Singles from Perhaps
- "Those First Impressions" Released: 1984; "Waiting for the Loveboat" Released: 1984; "Breakfast" Released: 1985;

= Perhaps (album) =

Perhaps is the third studio album by the Scottish post-punk and pop band the Associates, released on 8 February 1985 by WEA. It is their first album without founding member, keyboardist and guitarist Alan Rankine.

== Background ==
With the departure of Alan Rankine and bassist Michael Dempsey, the Associates were effectively a Billy Mackenzie solo project for this album. Mackenzie started work with Steve Reid, a guitarist from Dundee and L. Howard Hughes, an accomplished keyboardist in late 1982 after the departure of Rankine and came up with an album's worth of material.

== Recording ==
The recording sessions were chaotic, and the resulting album was deemed unreleasable by Warner Music Group, who demanded further work be carried out on the project. The master tapes for this version went missing over the Christmas period in 1982 (allegedly hidden by MacKenzie due to his own dissatisfaction with the record). The album was restarted from scratch and was finally finished after a further two years in early 1985, featuring four different producers and at a total final cost of approximately £250,000 to complete, an uncommonly major expense, even for a major label record, at that time.

== Release ==
Perhaps was released on 9 February 1985. The album was a commercial failure in comparison to their previous releases, peaking at No. 23 on the UK Albums Chart but only selling around 40,000 copies, putting Billy Mackenzie in significant debt to Warner Music Group. However, it was their only album to chart in the Netherlands, peaking at No. 29 on the Dutch Albums Chart.

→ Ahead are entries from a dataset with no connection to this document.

Lemma Pr_holds_by n tau (G : rel 'I_n) t v w :
  (1 < n)%N -> (forall u, 0 < degree G u)%N -> (num_rounds n tau <= t)%N ->
  Pr walkA n tau t (holds_by walkA n tau G t v w) = rw_prob G (pow2_ceil tau) v w.
Proof.
move=> n_gt1 deg_gt0 Tt; set L := pow2_ceil tau; set M := n`!.
pose P := [pred F : {ffun 'I_n -> 'I_(rnd_range n tau).+1} | walk_seq G F v == w].
rewrite (@Pr_init_draws walkA n tau t P) => [|f]; last first.
  by rewrite holds_by_walk_seq // extend0 inE.
have -> : #|P| =
  if (size w == L.+1) && (nth v w 0 == v) then
    \prod_(g < L) (next_digits G v w g * M ^ n.-1)%N else 0%N.
  case: ifP => w0; [rewrite -card_walk_event //; apply: eq_card|apply: eq_card0] => F.
    by rewrite !inE walk_seq_eqE; case/andP: w0 => -> ->.
  by rewrite !inE walk_seq_eqE; case: (size w == _) w0; case: (nth v w 0 == v).
have -> : #|{: {ffun 'I_n -> 'I_(rnd walkA n tau).+1}}| = (\prod_(g < L) M ^ n)%N.
  rewrite card_ffun !card_ord /= rnd_range_card card_ffun !card_ord.
  by rewrite prod_nat_const card_ord -!expnM mulnC.
rewrite rw_probE; case: ifP => _; last by rewrite mul0r.
rewrite !natr_prod -prodf_div; apply: eq_bigr => g _.
rewrite /next_digits; case: ifP => adj; last by rewrite mul0r.
have M0 : (M%:R : RR) != 0 by rewrite pnatr_eq0 -lt0n fact_gt0.
have D0 : (degree G (nth v w g))%:R != 0 :> RR by rewrite pnatr_eq0 -lt0n deg_gt0.
have EM : (M%:R : RR) ^+ n = M%:R * M%:R ^+ n.-1 by rewrite -exprS prednK // ltnW.
rewrite natrM natr_div ?degree_dvd_fact ?unitfE // !natrX EM.
by field; rewrite D0 M0 expf_neq0.
Qed.
(* Let $n=p_1^{\alpha_1}\cdots p_r^{\alpha_r}$ be the canonical factorization of $n$ into distinct primes and let $d=p_1^{\beta_1}\cdots p_r^{\beta_r}$ be a square-free divisor of $n$ ($0\le\beta_\ell\le1$ for all $\ell$). Then for every $z\in\mathbb{C}$, $$\sum_{k\mid n}\frac{1}{|c_d(k)|^z}=\prod_{\ell=1}^r\Big(1+\frac{\alpha_\ell}{(p_\ell-1)^{\beta_\ell z}}\Big).$$
   Context: For integers $m\ge1$ and $x$, $c_m(x)=\sum_{1\le j\le m,\ (j,m)=1}e^{2\pi ijx/m}$ is the Ramanujan sum (for square-free $d$ it is a nonzero integer at every divisor $k$ of $n$); for a positive real $a$, $a^z=e^{z\log a}$ with the real logarithm; the sum is over positive divisors $k$ of $n$. *)

From Stdlib Require Import Reals Arith List ZArith Znumtheory.
From Coquelicot Require Import Coquelicot.
Import ListNotations.
Open Scope R_scope.

Definition cexpi (theta : R) : C := (cos theta, sin theta).

(* a^z = e^{z log a} for a positive real a (real logarithm), z complex:
   e^{(x+iy) L} = e^{xL} (cos (yL) + i sin (yL)). *)
Definition cpow (a : R) (z : C) : C :=
  let L := ln a in
  (exp (Re z * L) * cos (Im z * L), exp (Re z * L) * sin (Im z * L)).

Definition Csum (l : list C) : C := fold_right Cplus (RtoC 0) l.
Definition Cprod (l : list C) : C := fold_right Cmult (RtoC 1) l.

Definition ramanujan_sum (m : nat) (x : Z) : C :=
  Csum (map (fun j => cexpi (2 * PI * IZR (Z.of_nat j * x) / INR m))
            (filter (fun j => Nat.eqb (Nat.gcd j m) 1) (seq 1 m))).

Definition divisors_list (n : nat) : list nat :=
  filter (fun k => Nat.eqb (n mod k) 0) (seq 1 n).

Definition nprod (l : list nat) : nat := fold_right Nat.mul 1%nat l.

From Stdlib Require Import Reals Arith List ZArith Znumtheory Lia Lra Permutation.
From Coquelicot Require Import Coquelicot.

(* Writing e(x) = exp(2 pi i x), the Ramanujan sum satisfies, for a prime q not dividing m,
     c_(qm)(k) = [q | k] q c_m(k/q) - c_m(k):
   the j <= qm prime to qm are the j prime to m minus the multiples of q among them; grouping
   the former as j = i + t m, the sum over t collapses by orthogonality of the characters of
   Z/qZ, while the latter are j = q i and give c_m(k).  Hence for square-free d, c_d(k) is the
   product over the primes p | d of p - 1 if p | k and -1 otherwise, so |c_d(k)|^(-z) is a
   product of local factors depending only on which p_l divide k.  The sum of such a product
   over the divisors of n = prod p_l^alpha_l factorizes: of the divisors 1, p, ..., p^alpha of
   p^alpha, one contributes 1 and alpha contribute (p - 1)^(-beta z). *)

Open Scope R_scope.

Lemma Csum_app (l1 l2 : list C) : Csum (l1 ++ l2) = Cplus (Csum l1) (Csum l2).
Proof. induction l1 as [|a l IH]; simpl; [ring | rewrite IH; ring]. Qed.

Lemma Csum_ext {A} (f g : A -> C) (l : list A) :
  (forall x, In x l -> f x = g x) -> Csum (map f l) = Csum (map g l).
Proof. intros H. f_equal. apply map_ext_in. exact H. Qed.

Lemma Cprod_ext {A} (f g : A -> C) (l : list A) :
  (forall x, In x l -> f x = g x) -> Cprod (map f l) = Cprod (map g l).
Proof. intros H. f_equal. apply map_ext_in. exact H. Qed.

Lemma Csum_plus {A} (f g : A -> C) (l : list A) :
  Csum (map (fun x => Cplus (f x) (g x)) l) = Cplus (Csum (map f l)) (Csum (map g l)).
Proof. induction l as [|a l IH]; simpl; [ring | rewrite IH; ring]. Qed.

Lemma Csum_minus {A} (f g : A -> C) (l : list A) :
  Csum (map (fun x => Cminus (f x) (g x)) l) = Cminus (Csum (map f l)) (Csum (map g l)).
Proof. induction l as [|a l IH]; simpl; [ring | rewrite IH; ring]. Qed.

Lemma Csum_scal {A} (c : C) (f : A -> C) (l : list A) :
  Csum (map (fun x => Cmult c (f x)) l) = Cmult c (Csum (map f l)).
Proof. induction l as [|a l IH]; simpl; [ring | rewrite IH; ring]. Qed.

Lemma Csum_scal_r {A} (c : C) (f : A -> C) (l : list A) :
  Csum (map (fun x => Cmult (f x) c) l) = Cmult (Csum (map f l)) c.
Proof. induction l as [|a l IH]; simpl; [ring | rewrite IH; ring]. Qed.

Lemma Csum_const {A} (c : C) (l : list A) :
  Csum (map (fun _ => c) l) = Cmult (RtoC (INR (length l))) c.
Proof.
  induction l as [|a l IH]; simpl length.
  - simpl. ring.
  - simpl map. simpl Csum. rewrite IH, S_INR, RtoC_plus. ring.
Qed.

Lemma Csum_zero {A} (l : list A) : Csum (map (fun _ => RtoC 0) l) = RtoC 0.
Proof. rewrite Csum_const. ring. Qed.

Lemma Csum_filter {A} (P : A -> bool) (f : A -> C) (l : list A) :
  Csum (map f (filter P l)) = Csum (map (fun x => if P x then f x else RtoC 0) l).
Proof. induction l as [|a l IH]; simpl; [reflexivity | destruct (P a); simpl; rewrite IH; ring]. Qed.

Lemma Csum_perm {A} (f : A -> C) (l1 l2 : list A) :
  Permutation l1 l2 -> Csum (map f l1) = Csum (map f l2).
Proof. induction 1; simpl; congruence || ring. Qed.

Lemma Csum_swap {A B} (F : A -> B -> C) (l1 : list A) (l2 : list B) :
  Csum (map (fun a => Csum (map (fun b => F a b) l2)) l1)
  = Csum (map (fun b => Csum (map (fun a => F a b) l1)) l2).
Proof.
  induction l1 as [|a l IH]; simpl.
  - symmetry. apply Csum_zero.
  - rewrite IH, <- Csum_plus. reflexivity.
Qed.

Lemma Csum_flat_map {A B} (f : B -> C) (g : A -> list B) (l : list A) :
  Csum (map f (flat_map g l)) = Csum (map (fun a => Csum (map f (g a))) l).
Proof. induction l as [|a l IH]; simpl; [reflexivity | rewrite map_app, Csum_app, IH; reflexivity]. Qed.

Lemma Csum_telescope (f : nat -> C) (q : nat) :
  Csum (map (fun t => Cminus (f t) (f (S t))) (seq 0 q)) = Cminus (f 0%nat) (f q).
Proof.
  induction q as [|q IH]; [simpl; ring|].
  rewrite seq_S, map_app, Csum_app, IH. simpl. ring.
Qed.

Definition cis2pi (x : R) : C := cexpi (2 * PI * x).

Lemma cis2pi_add (x y : R) : cis2pi (x + y) = Cmult (cis2pi x) (cis2pi y).
Proof.
  unfold cis2pi, cexpi, Cmult. simpl.
  replace (2 * PI * (x + y)) with (2 * PI * x + 2 * PI * y) by ring.
  rewrite cos_plus, sin_plus. f_equal; ring.
Qed.

Lemma cis2pi_add_nat (x : R) (n : nat) : cis2pi (x + INR n) = cis2pi x.
Proof.
  unfold cis2pi, cexpi.
  replace (2 * PI * (x + INR n)) with (2 * PI * x + 2 * INR n * PI) by ring.
  rewrite cos_period, sin_period. reflexivity.
Qed.

Lemma cis2pi_0 : cis2pi 0 = RtoC 1.
Proof. unfold cis2pi, cexpi. rewrite Rmult_0_r, cos_0, sin_0. reflexivity. Qed.
(* Let $\{\varphi_n\},\{\psi_n\}$ be biorthogonal sequences in a Hilbert space $\mathcal H$ such that $D(\varphi)$ and $D(\psi)$ are dense in $\mathcal H$. Then: (1) $(\{\varphi_n\},\{\psi_n\})$ is a $(D(\varphi),\mathcal E)$-quasi basis for some dense subspace $\mathcal E$ with $D_\varphi\subseteq\mathcal E\subseteq D(\psi)$ if and only if $D_\varphi$ is dense in $\mathcal H$. In that case $(\{\varphi_n\},\{\psi_n\})$ is a $(D(\varphi),D_\varphi)$-quasi basis. (2) $(\{\varphi_n\},\{\psi_n\})$ is a $(\mathcal D,D(\psi))$-quasi basis for some dense subspace $\mathcal D$ with $D_\psi\subseteq\mathcal D\subseteq D(\varphi)$ if and only if $D_\psi$ is dense in $\mathcal H$. In that case $(\{\varphi_n\},\{\psi_n\})$ is a $(D_\psi,D(\psi))$-quasi basis.
   Context: Inner product linear in the first argument. Biorthogonal: $\langle\varphi_n,\psi_m\rangle=\delta_{nm}$. $D_\varphi,D_\psi$ are the linear spans; $D(\varphi)=\{x:\sum_n|\langle x,\varphi_n\rangle|^2<\infty\}$, similarly $D(\psi)$. For dense subspaces $\mathcal D,\mathcal E$ with $D_\psi\subseteq\mathcal D\subseteq D(\varphi)$, $D_\varphi\subseteq\mathcal E\subseteq D(\psi)$, the pair is a $(\mathcal D,\mathcal E)$-quasi basis if $\sum_k\langle x,\varphi_k\rangle\langle\psi_k,y\rangle=\langle x,y\rangle$ for all $x\in\mathcal D$, $y\in\mathcal E$. *)

From mathcomp Require Import all_boot all_algebra.
From mathcomp Require Import all_classical all_reals all_analysis.
From mathcomp Require Import complex.
Import numFieldTopology.Exports numFieldNormedType.Exports.
Import GRing.Theory Num.Theory.
Set Implicit Arguments. Unset Strict Implicit. Unset Printing Implicit Defensive.
Local Open Scope ring_scope.
Local Open Scope classical_set_scope.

The first single taken from the album was "Those First Impressions" which reached No. 43 on the UK singles chart, "Waiting for the Loveboat" peaked at No. 53, and "Breakfast" turned out to be their last Top 50 hit, peaking at No. 49. "Breakfast" was also their sole showing on the Dutch Single Top 100 chart, peaking at 36.

For years Perhaps was only available on vinyl and cassette. However, due to the reissue program of Associates material after Mackenzie's death, it was re-released along with the unreleased studio album The Glamour Chase in a double CD package in 2002. The bonus instrumentals included on the original cassette release were not included.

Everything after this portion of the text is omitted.